Pull Request: Fix Unreliable CI Acceptance Tests

Overview

This PR addresses the reliability issues in Brighter's CI acceptance tests for MessagingGateways, Inboxes, and Outboxes. The tests were exhibiting erratic behavior in GitHub Actions, often failing due to timing-related issues that were difficult to reproduce locally.

Problem

The CI build (.github/workflows/ci.yml) runs acceptance tests that require various middleware (Kafka, RabbitMQ, Redis, MQTT) and databases (PostgreSQL, MySQL, SQL Server, MongoDB, DynamoDB).
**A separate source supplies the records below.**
(* Let $\mathcal{M}=(\mathcal{S},\mathcal{A},\mathcal{P},r,p_0)$ be an infinite-horizon MDP as in the context, $D\in\mathbb{N}$, $\gamma_0,\dots,\gamma_D\in(0,1)$, and $\pi$ a stationary policy. For $d\le D$ let $V_d^\pi(s):=\mathbb{E}_\pi\big[\sum_{t=0}^\infty\Phi_d(t)r(s_t,a_t)\mid s_0=s\big]$. Then for every state $s\in\mathcal{S}$, $$V_D^\pi(s)=\mathbb{E}_{a\sim\pi(s),\,s'\sim\mathcal{P}(s,a)}\Big[r(s,a)+\sum_{d=0}^D\gamma_d\,V_d^\pi(s')\Big].$$
   Context: $\mathcal{S}\subseteq\mathbb{R}^{k}$, $\mathcal{A}\subseteq\mathbb{R}^{k'}$ finite or compact, $\mathcal{P}:\mathcal{S}\times\mathcal{A}\to\Delta(\mathcal{S})$ a transition kernel, $r:\mathcal{S}\times\mathcal{A}\to\mathbb{R}$ a continuous reward. $\mathbb{E}_\pi$ is the expectation over trajectories with $a_t\sim\pi(s_t)$, $s_{t+1}\sim\mathcal{P}(s_t,a_t)$. For $d\le D$, $$\Phi_d(t):=\sum_{\substack{(a_0,\dots,a_d)\in\mathbb{N}^{d+1}\\ a_0+\dots+a_d=t}}\ \prod_{i=0}^{d}\gamma_i^{a_i}.$$ *)

From HB Require Import structures.
From mathcomp Require Import all_boot all_order all_algebra.
From mathcomp Require Import all_classical all_reals all_analysis.
Set Implicit Arguments. Unset Strict Implicit. Unset Printing Implicit Defensive.
Import Order.TTheory GRing.Theory Num.Theory.
Import numFieldNormedType.Exports.
Local Open Scope classical_set_scope.
Local Open Scope ring_scope.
These tests frequently failed in CI but worked locally, suggesting infrastructure timing issues rather than code bugs.

Root Causes

Missing Service Health Checks: Many services lacked health checks, causing tests to start before services were ready
Inadequate Retry Counts: Health checks had too few retries (3-5) for CI environment variability
Kafka Blind Wait: A fixed 30-second sleep instead of active readiness verification
Short Job Timeouts: 5-minute timeouts were insufficient for slower CI environments
No Documentation: No record of known issues or improvement strategies

Solution

1. Comprehensive Service Health Checks

Added or improved health checks for all services in .github/workflows/ci.yml:

Service	Health Check Method	Retries	Max Wait
Kafka	`kafka-broker-api-versions`	15	~150s
Zookeeper	`nc localhost 2181` check	10	~100s
Schema Registry	HTTP endpoint	10	~100s
RabbitMQ	`rabbitmqctl node_health_check`	10 ↑	~100s
Redis	`redis-cli ping`	10 ↑	~100s
PostgreSQL	`pg_isready`	10 ↑	~100s
MySQL/MariaDB	`healthcheck.sh`	10 ↑	~100s
SQL Server	`sqlcmd` query	10	~100s
MongoDB	`mongosh` ping	15 ↑	~300s
MQTT	`mosquitto_sub`	10	~100s
DynamoDB	HTTP endpoint	10	~100s

(↑ indicates increased from previous value)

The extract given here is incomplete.